━━━━━ Given information

Lemma closed_hemi_attains_max m (rho : (nat -> R) -> R) :
  (forall x, vec (S m) x -> vec_continuous_at (S m) rho x) ->
  exists x0, closed_hemi m x0 /\ forall y, closed_hemi m y -> rho y <= rho x0.
Proof.
  move=> Hc.
  pose A := [set v : 'rV[R]_m.+1 | closed_hemi m (vec_of_row m v)].
  have Aeq : A = (fun v => dot (S m) (vec_of_row m v) (vec_of_row m v)) @^-1` [set 1%R] `&`
                 (fun v => vec_of_row m v m) @^-1` [set x | (0 <= x)%R].
  { apply/seteqP; split => v /=.
    - by move=> [[_ H1] /RleP H2].
    - by move=> [H1 /RleP H2]; split => //; split => //; exact: vec_of_row_vec. }
  have Acl : closed A.
  { rewrite Aeq; apply: closedI.
    - apply: preimage_closed; last exact: closed_eq.
      move=> v _; apply: sumn_continuous => k w.
      exact: (@continuousM R _ _ _ w (coord_vec_of_row_continuous m k w)
                (coord_vec_of_row_continuous m k w)).
    - apply: preimage_closed; last exact: closed_ge.
      move=> v _; exact: coord_vec_of_row_continuous. }
  have Acpt : compact A.
  { have Kcube := @rV_compact R m.+1 (fun _ : 'I_m.+1 => `[(-1)%R, 1%R]%classic)
                   (fun _ => @segment_compact R (-1)%R 1%R).
    apply: (subclosed_compact Acl Kcube).
    move=> v [[_ Hd] _] i /=.
    have [H1 H2] := unit_coord_bound (S m) (vec_of_row m v) i Hd (ssrnat.ltP (ltn_ord i)).
    move: H1 H2; rewrite /vec_of_row ltn_ord inord_val => H1 H2.
    by rewrite in_itv /=; apply/andP; split; apply/RleP. }
  have A0 : A !=set0.
  { exists (\row_(i < m.+1) north_pole m i)%R.
    have Hp := closed_hemi_north_pole m.
    by rewrite /A /= vec_of_row_row //; exact: (proj1 (proj1 Hp)). }
  have Fc : {within A, continuous (fun v => rho (vec_of_row m v))}
    by exact/continuous_subspaceT/continuous_of_vec_continuous.
  have [c cA cmax] := EVT_max_rV A0 Acpt Fc.
  exists (vec_of_row m c); split; first by move: cA; rewrite inE.
  move=> y Hy; have Hyv := proj1 (proj1 Hy).
  rewrite -(vec_of_row_row m y Hyv); apply/RleP; apply: cmax.
  by rewrite inE /A /= vec_of_row_row.
Qed.
Definition bijective (f : nat -> nat) : Prop :=
  (forall x y, f x = f y -> x = y) /\ (forall y, exists x, f x = y).

Definition finitary (f : nat -> nat) : Prop :=
  bijective f /\ exists N, forall n, N <= n -> f n = n.

(** G_B: subgroup of Sym(N) generated by the sigma_A, A bi-immune:
    closure of the identity under left multiplication by generators
    and their inverses (functions taken up to extensional equality). *)
Inductive in_GB : (nat -> nat) -> Prop :=
| gb_id : in_GB (fun x => x)
| gb_ext : forall g h, in_GB g -> (forall x, g x = h x) -> in_GB h
| gb_mul : forall A g h, bi_immune A -> in_GB g ->
    (forall x, sigma_is A (g x) (h x)) -> in_GB h
| gb_inv : forall A g h, bi_immune A -> in_GB g ->
    (forall x, sigma_is A (h x) (g x)) -> in_GB h.         (* h = sigma_A^-1 o g *)

From Stdlib Require Import Arith List Lia Cantor Classical ClassicalEpsilon.
Import ListNotations.
(* By Markov's inequality the tail beyond [mean * A + 1] has mass below [1/A]. *)
Let quantile_set_nonempty : quantile_set (mean * A + 1).
Proof.
set x := mean * A + 1.
have m0 := mean_ge0.
have x0 : 0 < x by rewrite /x; have := A0; nra.
have tail_lt : mass `]x, +oo[ < A^-1.
  have := markov _ x0; have := mass_ge0 `]x, +oo[; set g := mass _ => g0 xg.
  have gA : g * A < 1.
    rewrite ltNge; apply/negP => gA.
    have : x * 1 <= x * (g * A) by rewrite ler_wpM2l // ltW.
    have := ler_wpM2r (ltW A0) xg; rewrite /x; lra.
  by rewrite -[g](mulfK (lt0r_neq0 A0)) -[X in _ < X]mul1r ltr_pM2r ?invr_gt0.
by rewrite /quantile_set /=; have := cdfD_mass_gt x; lra.
Qed.

Let has_inf_quantile_set : has_inf quantile_set.
Proof. by split; [exists (mean * A + 1) | exists 0 => y /quantile_set_ge0]. Qed.

Lemma threshold_ge0 : 0 <= threshold.
Proof. by apply: lb_le_inf; [exists (mean * A + 1) | move=> y /quantile_set_ge0]. Qed.

Let threshold_le x : quantile_set x -> threshold <= x.
Proof. by move=> qx; apply: ge_inf => //; case: has_inf_quantile_set. Qed.

(* The CDF is continuous, so the generalized inverse is an exact quantile. *)
Lemma mass_lt_threshold : mass `]-oo, threshold[ = 1 - A^-1.
Proof.
apply/eqP; rewrite eq_le; apply/andP; split; apply/ler_addgt0Pr => e e0;
  have [d d0 small] := mass_itv_small _ e0.
- set x := threshold - d / 2.
  have xc : x < threshold by rewrite /x; lra.
  have cdf_x : Defs.cdf f x < 1 - A^-1.
    by rewrite ltNge; apply: contraPN xc => /threshold_le; rewrite leNgt => /negP.
  rewrite (@itv_bndbnd_setU _ _ -oo%O (BRight x) (BLeft threshold)) ?bnd_simp//.
  rewrite massU//; last first.
    apply: lt_disjoint => u v; rewrite !in_itv /= => ux /andP[xv _].
    exact: le_lt_trans ux xv.
  have : mass `]x, threshold[ < e by apply: small; rewrite /x; lra.
  rewrite /Defs.cdf -/(mass _) in cdf_x; lra.
- have [s qs sc] := inf_adherent d0 has_inf_quantile_set.
  have cs := threshold_le _ qs.
  have : mass `]-oo, s] = mass `]-oo, threshold[ + mass `[threshold, s].
    rewrite (@itv_bndbnd_setU _ _ -oo%O (BLeft threshold) (BRight s)) ?bnd_simp//.
    rewrite massU//; apply: lt_disjoint => u v; rewrite !in_itv /= => ux /andP[xv _].
    exact: lt_le_trans ux xv.
  have : mass `[threshold, s] < e by apply: small; rewrite /threshold; lra.
  move: qs; rewrite /quantile_set /= /Defs.cdf -/(mass _); lra.
Qed.

Lemma mass_ge_threshold : mass `[threshold, +oo[ = A^-1.
Proof.
have := massT; rewrite -(itv_setU_setT true threshold) massU//; last exact: disjoint_rays.
by rewrite mass_lt_threshold; lra.
Qed.

Lemma threshold_gt0 : 0 < threshold.
Proof.
rewrite lt_neqAle threshold_ge0 andbT; apply/eqP => c0.
have := mass_lt_threshold; rewrite -c0 mass0; last by move=> x /=; rewrite in_itv.
by have := Ainv_lt1; lra.
Qed.

Lemma integral_above_threshold (g : R -> R) :
  (\int[mu]_(t in setT) (if threshold <= t then g t else 0)%:E =
   \int[mu]_(t in `[threshold, +oo[) (g t)%:E)%E.
Proof.
rewrite [RHS]integral_mkcond; apply: eq_integral => t _.
by rewrite patchE mem_setE /= in_itv /= andbT; case: ifP.
Qed.

Lemma measurable_above_threshold (g : R -> R) : measurable_fun setT g ->
  measurable_fun setT (fun t => if threshold <= t then g t else 0).
Proof. by move=> mg; apply: measurable_fun_ifT => //; exact: measurable_fun_ler. Qed.

Section OnOff.
Variable snr : R.
Hypothesis snr_gt0 : 0 < snr.

Lemma onoff_ge0 t : 0 <= onoff f A snr t.
Proof. by rewrite /onoff; case: ifP => // _; rewrite mulr_ge0 // ltW. Qed.

Lemma measurable_onoff : measurable_fun setT (onoff f A snr).
Proof. exact: measurable_above_threshold (measurable_cst _). Qed.

Lemma expect_onoff : expect f (onoff f A snr) = snr%:E.
Proof.
transitivity (\int[mu]_(t in setT)
    (if threshold <= t then A * snr * f t else 0)%:E)%E.
  by apply: eq_integral => t _; rewrite /onoff; case: ifP; rewrite ?mul0r.
rewrite integral_above_threshold.
under eq_integral do rewrite EFinM.
rewrite ge0_integralZl_EFin//; last 3 first.
- by move=> t _; rewrite lee_fin.
- exact: mfE.
- by rewrite mulr_ge0 // ltW.
by rewrite -massE // mass_ge_threshold -EFinM mulrAC divff ?mul1r // lt0r_neq0.
Qed.

Lemma admissible_onoff : admissible f A snr (onoff f A snr).
Proof.
split; [exact: measurable_onoff | exact: onoff_ge0 | by rewrite expect_onoff |].
by move=> t; rewrite /onoff; case: ifP => // _; rewrite mulr_ge0 // ltW.
Qed.

End OnOff.

Definition tail_gain (t : R) : R := if threshold <= t then A * t * f t else 0.

Definition tail_moment : R := fine (\int[mu]_(t in setT) (tail_gain t)%:E)%E.

Lemma tail_gain_ge0 t : 0 <= tail_gain t.
Proof. by rewrite /tail_gain; case: ifP => // _; rewrite -mulrA mulr_ge0 // ltW. Qed.

Lemma measurable_tail_gain : measurable_fun setT tail_gain.
Proof. exact: measurable_above_threshold (measurable_funM (measurable_funM _ _) mf). Qed.

Lemma tail_momentE : tail_moment%:E = (\int[mu]_(t in setT) (tail_gain t)%:E)%E.
Proof.
rewrite fineK // ge0_fin_numE; last first.
  by apply: integral_ge0 => t _; rewrite lee_fin tail_gain_ge0.
apply: (@le_lt_trans _ _ (A%:E * \int[mu]_(t in setT) (t * f t)%:E)%E); last first.
  by rewrite -meanE -EFinM ltry.
rewrite -ge0_integralZl_EFin //; last 3 first.
- by move=> t _; rewrite lee_fin.
- exact: mtf.
- exact: ltW.
under [X in (_ <= X)%E]eq_integral do rewrite -EFinM.
apply: ge0_le_integral => //.
- by move=> t _; rewrite lee_fin tail_gain_ge0.
- by apply/measurable_EFinP; exact: measurable_tail_gain.
- by apply/measurable_EFinP; apply: measurable_funM => //; exact: measurable_funM.
- move=> t _; rewrite lee_fin /tail_gain; case: ifP => _; first by rewrite mulrA.
  by rewrite mulr_ge0 // ltW.
Qed.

━━━━━━━━━━

◆ What you should do
Retrieve each line of the data in which the word "negP" can be found.

◆ Reply
    rewrite ltNge; apply/negP => gA.
    by rewrite ltNge; apply: contraPN xc => /threshold_le; rewrite leNgt => /negP.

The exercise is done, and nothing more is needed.